Now, OPEC has seen this coming. It has been a standard assumption in the cartel’s recent meetings. In fact, if there has been a common refrain in the opinions of Saudi, Kuwaiti, and UAE oil officials it has been wonderment at why it took Washington so long to begin removing the export ban.

Remember, while much has been written about OPEC in general and the Saudis in particular combatting U.S. shale producers in some massive international energy chess match, this is only the initial round.

More than 80% of the extractable unconventional oil globally is outside the U.S. and Canada.  North America may have been the first to bring the new oil to market. But this is a fight OPEC will be having literally across the planet as others start to develop their own reserves.

Now, the U.S. export ban hasn’t been without loopholes…

U.S. Oil Exports Won’t Be Starting From Zero

Already some categories of U.S. oil are being exported – grades subject to some initial steam stimulation (thereby “processed” oil according to creative accountants), heavy oil from the Monterrey basin in California for which there is an insufficient local market demand, and volume allowed to Mexico on a “tolling” basis.

This last approach has raw crude exported for refining in Mexico with the finished oil product either imported back into the U.S., or controlled by American-based refineries or wholesalers for sale elsewhere.

In fact, while the ban has severely limited exports of crude from the U.S., the country is already the largest exporter of refined product in the world.

But these allowances have been exceptions to the rule. For the vast majority of U.S. oil production, an export ban has remained in force.

Until now.

But the question of how much will change remains…

In the Short Term, Not Much Will Change

In the short term, the lifting of the U.S. export ban will change little. The world is at the moment awash with surplus oil – much of it from deliberate OPEC overproduction to discourage competition. By keeping prices low, the cartel has been successful in putting considerable pressure on other non-OPEC exporters, especially Russia.

Adding additional U.S. exports to the mix will simply put added restraint on price, thereby making revenues (and company profits) less interesting.

True, the regional and spot prices for oil in other parts of the world are higher than in the American domestic market. Yet that in itself will not entice massive exports given the added expense of transport and storage.

But what the end of the ban does do in the longer term is quite significant.

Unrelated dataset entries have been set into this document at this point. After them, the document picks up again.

Lemma ladder_odd p q : p <= q < 2 * n ->
  (forall j, p + j <= q - j -> S (p + j) = q - j) -> (q - p) %% 2 = 1.
Proof.
move=> pq ladder; case: (eqVneq ((q - p) %% 2) 1) => // even_qp.
have [m qpE] : exists m, q - p = 2 * m by exists ((q - p) %/ 2); lia.
by case: (S_moved (p + m)); [lia | rewrite ladder; lia].
Qed.

Lemma S_succ_modE v : v < 2 * n - 1 -> phi v = S (v + 1).
Proof. by move=> lt_v; rewrite /phi /= /succ_mod modn_small //; lia. Qed.

Lemma a_lt_last : a < 2 * n - 1.
Proof.
case: (ltnP a (2 * n - 1)) => // a_ge; have a1 : a + 1 = 2 * n by lia.
by move: phi_a; rewrite /phi /= /succ_mod a1 modnn S0; lia.
Qed.

Lemma S_parallel u v : u < 2 * n - 1 -> 0 < v < 2 * n -> S u = v ->
  v - 1 <> a -> v - 1 <> b -> v - 1 <> c -> S (u + 1) = v - 1.
Proof.
move=> lt_u v_bound Su va vb vc.
have := phiK (v - 1) ltac:(lia) va vb vc.
rewrite [phi (v - 1)]S_succ_modE; last by lia.
by rewrite (_ : v - 1 + 1 = v); [rewrite -Su SK ?S_succ_modE //; lia | lia].
Qed.

(* in labels, a + 1 = 2n - h, b + 1 = h and c + 1 = k *)
Let h := 2 * n - 1 - a.

Lemma S_outer i : i < h -> i < n -> S i = 2 * n - 1 - i.
Proof.
elim: i => [|i IH] lt_h lt_n; first by rewrite S0 subn0.
have := S_parallel i (2 * n - 1 - i) ltac:(lia) ltac:(lia) (IH ltac:(lia) ltac:(lia)).
by rewrite addn1 => ->; rewrite /h in lt_h *; lia.
Qed.

Lemma h_lt_n : h < n.
Proof.
case: (ltnP h n) => // h_ge.
have S_refl v : v < 2 * n -> S v = 2 * n - 1 - v.
  move=> lt_v; case: (ltnP v n) => lt_vn; first by apply: S_outer; lia.
  have := S_outer (2 * n - 1 - v) ltac:(lia) ltac:(lia) => Sw.
  rewrite -{1}(_ : 2 * n - 1 - (2 * n - 1 - v) = v); last by lia.
  by rewrite -Sw SK; lia.
have := a_lt_last; move: phi_a phi_b; rewrite !S_succ_modE ?S_refl; lia.
Qed.

Lemma b_eq_pred_h : b = h - 1.
Proof.
have := a_lt_last; have := h_lt_n => ? ?.
have S_h1 : S (h - 1) = 2 * n - h by rewrite S_outer; rewrite /h; lia.
have a1 : a + 1 = 2 * n - h by rewrite /h; lia.
by rewrite -phi_a S_succ_modE // a1 -S_h1 SK //; lia.
Qed.

Lemma S_h_eq_c : S h = c.
Proof.
have := a_lt_last; have := b_eq_pred_h; have := h_lt_n; rewrite /h => ? ? ?.
by rewrite -phi_b S_succ_modE; [congr S | ]; lia.
Qed.

Lemma h_lt_c : h < c.
Proof.
have := a_lt_last; have := h_lt_n => ? ?.
case: (ltngtP h c) => // [c_lt_h|h_c]; last by case: (S_moved h); [lia | rewrite S_h_eq_c].
have Sc : S c = h by rewrite -[in S c]S_h_eq_c SK //; lia.
by have := S_outer c c_lt_h ltac:(lia); rewrite Sc /h; lia.
Qed.

Lemma S_inner_low j : h + j <= c - j -> S (h + j) = c - j.
Proof.
have := a_lt_last; have := b_eq_pred_h; have := h_lt_c; rewrite /h => ? ? ?.
elim: j => [|j IH] le_j; first by rewrite addn0 subn0 S_h_eq_c.
have := S_parallel (h + j) (c - j) ltac:(lia) ltac:(lia) (IH ltac:(lia)).
by rewrite -[j.+1]addn1 addnA => ->; lia.
Qed.

Lemma S_inner_high j : c + 1 + j <= a - j -> S (c + 1 + j) = a - j.
Proof.
have := a_lt_last; have := b_eq_pred_h; have := h_lt_c; rewrite /h => ? ? ?.
elim: j => [|j IH] le_j; first by rewrite addn0 subn0 -phi_c S_succ_modE //; lia.
have := S_parallel (c + 1 + j) (a - j) ltac:(lia) ltac:(lia) (IH ltac:(lia)).
by rewrite -[j.+1]addn1 addnA => ->; lia.
Qed.

Lemma S_chords_max_a : exists h k, [/\ 1 <= h <= n - 2, h < k < 2 * n - h, h = k %[mod 2]
  & forall v, v < 2 * n -> (S v).+1 = P0_map n h k v.+1].
Proof.
have := a_lt_last; have := b_eq_pred_h; have := h_lt_c; have := h_lt_n => ? ? ? ?.
have odd_low := ladder_odd h c ltac:(lia) S_inner_low.
have odd_high := ladder_odd (c + 1) a ltac:(lia) S_inner_high.
have refl_low := ladder_reflect h c ltac:(lia) S_inner_low.
have refl_high := ladder_reflect (c + 1) a ltac:(lia) S_inner_high.
exists h, c.+1; rewrite /h in odd_low odd_high refl_low refl_high *.
split; [lia | lia | lia | move=> v lt_v; rewrite /P0_map].
have [v_low|[v_mid|[v_high|v_top]]] :
  v < h \/ h <= v <= c \/ c < v <= a \/ a < v by rewrite /h; lia.
- by rewrite S_outer //; rewrite /h in v_low *; [repeat decide_if | ]; lia.
- by rewrite refl_low; [repeat decide_if | ]; lia.
- by rewrite refl_high; [repeat decide_if | ]; lia.
have w_low : 2 * n - 1 - v < h by rewrite /h; lia.
have := S_outer _ w_low ltac:(lia) => Sw.
rewrite -{1}(_ : 2 * n - 1 - (2 * n - 1 - v) = v) -?Sw ?SK; last by lia.
  by repeat decide_if; lia.
all: lia.
Qed.

End ChordLadders.

Lemma S_chords n S a b c :
  (forall v, v < 2 * n -> S (S v) = v) -> (forall v, v < 2 * n -> S v <> v) ->
  S 0 = 2 * n - 1 -> a < 2 * n -> b < 2 * n -> c < 2 * n ->
  a <> b -> a <> c -> b <> c ->
  (S \o succ_mod (2 * n)) a = b -> (S \o succ_mod (2 * n)) b = c ->
  (S \o succ_mod (2 * n)) c = a ->
  (forall z, z < 2 * n -> z <> a -> z <> b -> z <> c ->
     (S \o succ_mod (2 * n)) ((S \o succ_mod (2 * n)) z) = z) ->
  exists h k, [/\ 1 <= h <= n - 2, h < k < 2 * n - h, h = k %[mod 2]
    & forall v, v < 2 * n -> (S v).+1 = P0_map n h k v.+1].
Proof.
move=> SK S_moved S0 a_lt b_lt c_lt ab ac bc phi_a phi_b phi_c phiK.
have [[le_ba le_ca]|[[le_cb le_ab]|[le_ac le_bc]]] :
  (b <= a /\ c <= a) \/ (c <= b /\ a <= b) \/ (a <= c /\ b <= c) by lia.
- exact: (@S_chords_max_a n S a b c SK S_moved S0 a_lt b_lt c_lt ab ac bc phi_a phi_b phi_c phiK le_ba le_ca).
- apply: (@S_chords_max_a n S b c a SK S_moved S0 b_lt c_lt a_lt bc (nesym ab) (nesym ac) phi_b phi_c phi_a) => //.
  by move=> z z_lt zb zc za; apply: phiK.
- apply: (@S_chords_max_a n S c a b SK S_moved S0 c_lt a_lt b_lt (nesym ac) (nesym bc) ab phi_c phi_a phi_b) => //.
  by move=> z z_lt zc za zb; apply: phiK.
Qed.

(** * The classification *)

(* [x0] is only a default value for out-of-range [v] *)
Definition nat_of_perm {N} (x0 : 'I_N) (s : {perm 'I_N}) (v : nat) : nat :=
  val (s (insubd x0 v)).

Section NatOfPerm.

Context {N : nat} (x0 : 'I_N) {s : {perm 'I_N}}.

Lemma nat_of_permE x : val (s x) = nat_of_perm x0 s (val x).
Proof. by rewrite /nat_of_perm valKd. Qed.

Lemma lbl_nat_of_perm x : lbl (s x) = (nat_of_perm x0 s (val x)).+1.
Proof. by rewrite /nat_of_perm valKd. Qed.

Lemma nat_of_permK : involutive s ->
  forall v, v < N -> nat_of_perm x0 s (nat_of_perm x0 s v) = v.
Proof. by move=> sK v lt_v; rewrite /nat_of_perm valKd sK val_insubd lt_v. Qed.

Lemma nat_of_perm_moved : (forall x, s x != x) ->
  forall v, v < N -> nat_of_perm x0 s v <> v.
Proof.
move=> moved v lt_v e; have := moved (insubd x0 v); rewrite -(inj_eq val_inj).
by rewrite -/(nat_of_perm x0 s v) e val_insubd lt_v eqxx.
Qed.

End NatOfPerm.

Lemma val_phi_succ_mod {n} (x0 : 'I_(2 * n)) {s0 sinf phi : {perm 'I_(2 * n)}} :
  involutive s0 -> (s0 * sinf * phi = 1)%g -> is_rotation sinf ->
  forall x, val (phi x) = (nat_of_perm x0 s0 \o succ_mod (2 * n)) (val x).
Proof.
move=> s0K prod1 rot x.
have -> : phi = ((s0 * sinf)^-1)%g by apply: (mulgI (s0 * sinf)%g); rewrite mulgV.
rewrite invMg permM -{1}(s0K ((sinf^-1)%g x)) permK (nat_of_permE x0) /= /succ_mod.
congr nat_of_perm; have := rotationV rot x; rewrite /lbl addn1.
case: (eqVneq (val x).+1 (2 * n)) => [-> [->]|ne [->]]; first by rewrite modnn.
by rewrite modn_small // ltn_neqAle ne ltn_ord.
Qed.

Lemma special_3cycle_P0 {n} {s0 sinf s1 t : {perm 'I_(2 * n)}} :
  special_admissible n s0 sinf s1 t -> prod_disj_transp_3cycle (n - 3) (s1 * t)%g ->
  exists h k, [/\ 1 <= h <= n - 2, h < k < 2 * n - h, h = k %[mod 2] & s0 = P0 n h k].
Proof.
move=> [[s0_pdt _ _ _ prod1] [rot s1_top t_top]] /prod_disj_transp_3cycleP.
set phi := (s1 * t)%g => -[a [b [c [/and3P[ab ac bc] [phi_a phi_b phi_c] phiK]]]].
have s0K := prod_disj_transpK s0_pdt.
pose S := nat_of_perm a s0.
have phi_nat := val_phi_succ_mod a s0K (etrans (mulgA _ _ _) prod1) rot.
have n_gt0 : 0 < n by have := ltn_ord a; lia.
have [top lbl_top] := @exists_lbl (2 * n) (2 * n) ltac:(lia).
have S0 : S 0 = 2 * n - 1.
  have top_val : (top : nat) = 2 * n - 1 by move: lbl_top; rewrite /lbl /=; lia.
  have := phi_nat top; rewrite /phi permM s1_top // t_top //= /succ_mod top_val.
  by rewrite subnK ?modnn //; lia.
move: (ltn_ord a) (ltn_ord b) (ltn_ord c) => a_lt b_lt c_lt.
have val_neq (u v : 'I_(2 * n)) : u != v -> val u <> val v by move=> /eqP uv /val_inj.
have phiK_nat z : z < 2 * n -> z <> a -> z <> b -> z <> c ->
    (S \o succ_mod (2 * n)) ((S \o succ_mod (2 * n)) z) = z.
  move=> lt_z za zb zc; pose x := insubd a z.
  have xz : val x = z by rewrite val_insubd lt_z.
  have x_off : x \notin [:: a; b; c].
    by rewrite !inE -!(inj_eq val_inj) xz; apply/norP; split; [|apply/norP; split]; apply/eqP.
  by move/(congr1 val): (phiK x x_off); rewrite !phi_nat xz.
have [h [k [h_bound k_bound hk_mod2 S_P0]]] :=
  @S_chords n S (val a) (val b) (val c) (nat_of_permK a s0K)
    (nat_of_perm_moved a (prod_disj_transp_moved s0_pdt)) S0 a_lt b_lt c_lt
    (val_neq _ _ ab) (val_neq _ _ ac) (val_neq _ _ bc)
    (etrans (esym (phi_nat a)) (congr1 val phi_a))
    (etrans (esym (phi_nat b)) (congr1 val phi_b))
    (etrans (esym (phi_nat c)) (congr1 val phi_c)) phiK_nat.
have lbl_s0 (x : 'I_(2 * n)) : lbl (s0 x) = P0_map n h k (lbl x).
  by rewrite (lbl_nat_of_perm a) -/S S_P0; last exact: ltn_ord.
exists h, k; split => //; apply/permP => x; apply: lbl_inj.
by rewrite lbl_P0 ?lbl_s0 //; lia.
Qed.
Definition deg3_bound n r := 'C(n - 3, r - 3).
Definition deg4_bound n r := if 4 <= r then 'C(n - 4, r - 4) else 0.
(* A 3-kernel system with |X| = 5 has at least this many edges (3 points in X). *)
Definition kernel_lower n r := 10 * 'C(n - 5, r - 3).
(* Upper bound on #|H| in each of the non-extremal configurations. *)
Definition sparse_bound n r := 4 * deg3_bound n r + 3 * r ^ 4 * deg4_bound n r.

(* Pascal's rule twice: C(n-3,r-3) <= C(n-5,r-3) + 2 C(n-4,r-4). *)
Lemma deg3_bound_le n r : 3 <= r -> r + 5 <= n ->
  deg3_bound n r <= 'C(n - 5, r - 3) + 2 * deg4_bound n r.
Proof.
move=> r3 rn; rewrite /deg3_bound /deg4_bound; case: ifP => r4; last first.
  have -> : r = 3 by lia.
  by rewrite subnn !bin0.
have e1 : n - 3 = (n - 4).+1 by lia.
have e2 : r - 3 = (r - 4).+1 by lia.
have e3 : n - 4 = (n - 5).+1 by lia.
have pascal3 : 'C(n - 3, r - 3) = 'C(n - 4, r - 3) + 'C(n - 4, r - 4).
  by rewrite e1 e2 binS -e2.
have pascal4 : 'C(n - 4, r - 3) = 'C(n - 5, r - 3) + 'C(n - 5, r - 4).
  by rewrite e3 e2 binS -e2.
have mono : 'C(n - 5, r - 4) <= 'C(n - 4, r - 4) by apply: leq_bin2l; lia.
by rewrite pascal3 pascal4; lia.
Qed.

(* Edges through a 4-set are rare compared with edges through a 3-set:
   (r-3) C(n-4,r-3) = (n-r) C(n-4,r-4), and n - r far exceeds r^5. *)
Lemma deg4_bound_small n r : 3 <= r -> 2 * r ^ 5 <= n ->
  (3 * r ^ 4 + 20) * deg4_bound n r < 6 * deg3_bound n r.
Proof.
move=> r3 rn; have p81 : 3 ^ 4 <= r ^ 4 by rewrite leq_exp2r.
move: rn p81; rewrite expnS; set p := r ^ 4 => rn p81.
rewrite /deg3_bound /deg4_bound; case: ifP => r4; last by rewrite muln0 muln_gt0 bin_gt0; lia.
have e1 : n - 3 = (n - 4).+1 by lia.
have e2 : r - 3 = (r - 4).+1 by lia.
have pascal : 'C(n - 3, r - 3) = 'C(n - 4, r - 3) + 'C(n - 4, r - 4).
  by rewrite e1 e2 binS -e2.
have absorb : (r - 3) * 'C(n - 4, r - 3) = (n - r) * 'C(n - 4, r - 4).
  have := mul_bin_left (n - 4) (r - 4); rewrite -e2.
  by have -> : n - 4 - (r - 4) = n - r by lia.
have Bpos : 0 < 'C(n - 4, r - 3) by rewrite bin_gt0; lia.
rewrite pascal; move: absorb Bpos; set B := 'C(n - 4, r - 3); set u := 'C(n - 4, r - 4).
clearbody B u p => absorb Bpos.
have gap : (3 * p + 20) * (r - 3) < 6 * (n - r).
  have rp : r * 3 ^ 4 <= r * p := leq_mul (leqnn r) p81.
  have := leq_mul (leqnn (3 * p + 20)) (leq_subr 3 r).
  nia.
nia.
Qed.
Lemma ddiamond_lt_of_max k a x d : 0 < k -> 0 < x < a ->
  cap a x + (1 - x) ^+ 2 / 4 < d * (1 + k) ->
  ddiamond (@gtilde R) (1 / k) (1 - a + x) (1 - a) < d * k.
Proof.
move=> k0 xa hM; rewrite ddiamondE.
apply: le_lt_trans (ge_inf _ (admissible_max k0 xa)) _.
  by exists 0 => z [z0 _]; exact: ltW.
have K0 : 0 < 1 / k + 1 by rewrite addr_gt0 ?divr_gt0.
rewrite ltr_pdivrMr // (_ : d * k * (1 / k + 1) = d * (1 + k)) //.
by field; rewrite gt_eqF.
Qed.

Lemma Dplus_witness k a d : 0 < k -> Dplus k (a, d) ->
  [/\ 0 < a < 1, 0 < d & exists2 x, 0 < x < a &
    d * k < cap a x /\ forall v, 0 <= v < 1 - a + x -> secant a x v < d * (1 + k)].
Proof.
move=> k0 [[/= a01 d0] [_ [A /= [/andP[A_lo A_hi] /andP[Hdd Hup]]]]]; split=> //.
have /andP[a0 a_lt1] := a01.
have xa : 0 < A - 1 + a < a by apply/andP; split; lra.
have AE : A = 1 - a + (A - 1 + a) by ring.
exists (A - 1 + a) => //; rewrite AE in Hdd Hup; split.
  by rewrite -gtilde_cap; [exact: Hup | lra].
exact: ddiamond_lt_secant.
Qed.

Lemma witness_Dplus k a d x : 0 < k -> 0 < a < 1 -> 0 < d -> 0 < x < a ->
  d * k < cap a x -> cap a x + (1 - x) ^+ 2 / 4 < d * (1 + k) -> Dplus k (a, d).
Proof.
move=> k0 a01 d0 xa dk dM; have /andP[a0 a_lt1] := a01; have /andP[x0 x_lt] := xa.
split; first by split.
split; first by rewrite /Hset /=; split; [apply/andP; split; lra | exact: mulr_gt0].
exists (1 - a + x) => /=; split; first by apply/andP; split; lra.
by rewrite ddiamond_lt_of_max // gtilde_cap //; lra.
Qed.

Lemma DplusE k : 0 < k ->
  Dplus k = [set p : R * R | Hset p /\ astar k < p.1 /\ dmin p.1 k < p.2 < dmax p.1 k].
Proof.
move=> k0; apply/seteqP; split=> -[a d] /=.
  move=> /(Dplus_witness k0)[a01 d0 [x xa [dk Hsec]]].
  have /andP[a0 a_lt1] := a01; have /andP[x0 _] := xa.
  have a01' : 0 < a <= 1 by rewrite a0 ltW.
  have [D0 dd] := witness_between_dmin_dmax k0 a01' x0 Hsec dk.
  by split; [split | rewrite -(discr_gt0E k0 (ltW a0))].
move=> [[/= a01 d0] [ha dd]]; have /andP[a0 a_lt1] := a01.
have a01' : 0 < a <= 1 by rewrite a0 ltW.
have D0 : 0 < discr a k by rewrite (discr_gt0E k0 (ltW a0)).
have [x xa [dk dM]] := between_dmin_dmax_witness k0 a01' D0 dd.
exact: witness_Dplus dk dM.
Qed.

End Membership.

Section Continuity.
Variable R : realType.

Lemma dmin_continuous : {within @adom R, continuous (fun p : R * R => dmin p.1 p.2)}.
Proof.
apply: continuous_in_subspaceT => p; rewrite inE => -[k0 _]; rewrite /dmin.
by repeat continuity_step; rewrite gt_eqF // exprn_gt0 //; lra.
Qed.

Lemma dmax_continuous : {within @adom R, continuous (fun p : R * R => dmax p.1 p.2)}.
Proof.
pose F (p : R * R) := cap p.1 (Num.max (1 - 2 * vplus p.1 p.2) (p.1 / 2)) / p.2.
have F_cont : {within @adom R, continuous F}.
  apply: continuous_in_subspaceT => p; rewrite inE => -[k0 _].
  rewrite /F /cap /vplus /discr.
  by repeat continuity_step; rewrite gt_eqF //; lra.
apply: subspace_eq_continuous F_cont => -[a k]; rewrite inE => -[/= k0 ha].
by rewrite /F /from_subspace /= dmax_capE.
Qed.

End Continuity.

Theorem corollary2p10 (R : realType) :
  {within @adom R, continuous (fun p : R * R => dmin p.1 p.2)} /\
  {within @adom R, continuous (fun p : R * R => dmax p.1 p.2)} /\
  forall k : R, 0 < k ->
    (forall a : R, astar k <= a <= 1 ->
       0 <= dmin a k /\ dmin a k <= dmax a k /\ dmax a k <= dplus a k) /\
    dmax (astar k) k = dmin (astar k) k /\
    Dplus k = [set p : R * R | Hset p /\ astar k < p.1 /\
                               dmin p.1 k < p.2 < dmax p.1 k].
Proof.
split; first exact: dmin_continuous.
split; first exact: dmax_continuous.
move=> k k0; split; last by split; [exact: dmax_astar | exact: DplusE].
move=> a /andP[ha a_le1]; have a0 : 0 < a by apply: lt_le_trans ha; exact: astar_gt0.
have a01 : 0 < a <= 1 by rewrite a0.
have D0 : 0 <= discr a k by rewrite (discr_ge0E k0 (ltW a0)).
rewrite dplusE //; split; first by rewrite dminE // sqr_ge0.
by split; [exact: dmin_le_dmax | exact: dmax_le_sqr].
Qed.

The New Law Will Strengthen U.S. Oil Companies in the Long Term

The end of the ban will allow U.S. companies to play a wider field, factor in broader international factors when structuring ongoing operations (which may even bring some welcome respite to the current energy debt crunch), and balance demand in ways impossible without exporting.

It may well also open new end-user opportunities in mixing inferior grades of crude produced elsewhere for better sale – thereby making the importing of lighter American crude of interest even to nations primarily relying on heavier oil for their own exports (OPEC member Venezuela comes readily to mind here).

But the main advantage of lifting the export ban is this.

It will allow the U.S. private oil sector to offset there being no U.S. national state-run oil companies. Every OPEC nation has a centrally-determined oil strategy because the government controls the industry. America does not.

Instead, we lead the world in what can be accomplished with private property and profit incentive, with a fair amount of entrepreneurial skill for good measure.

That will be the difference in a master fight of global proportions just getting under way in the energy sector. As always, I’ll bring you more as this fight develops.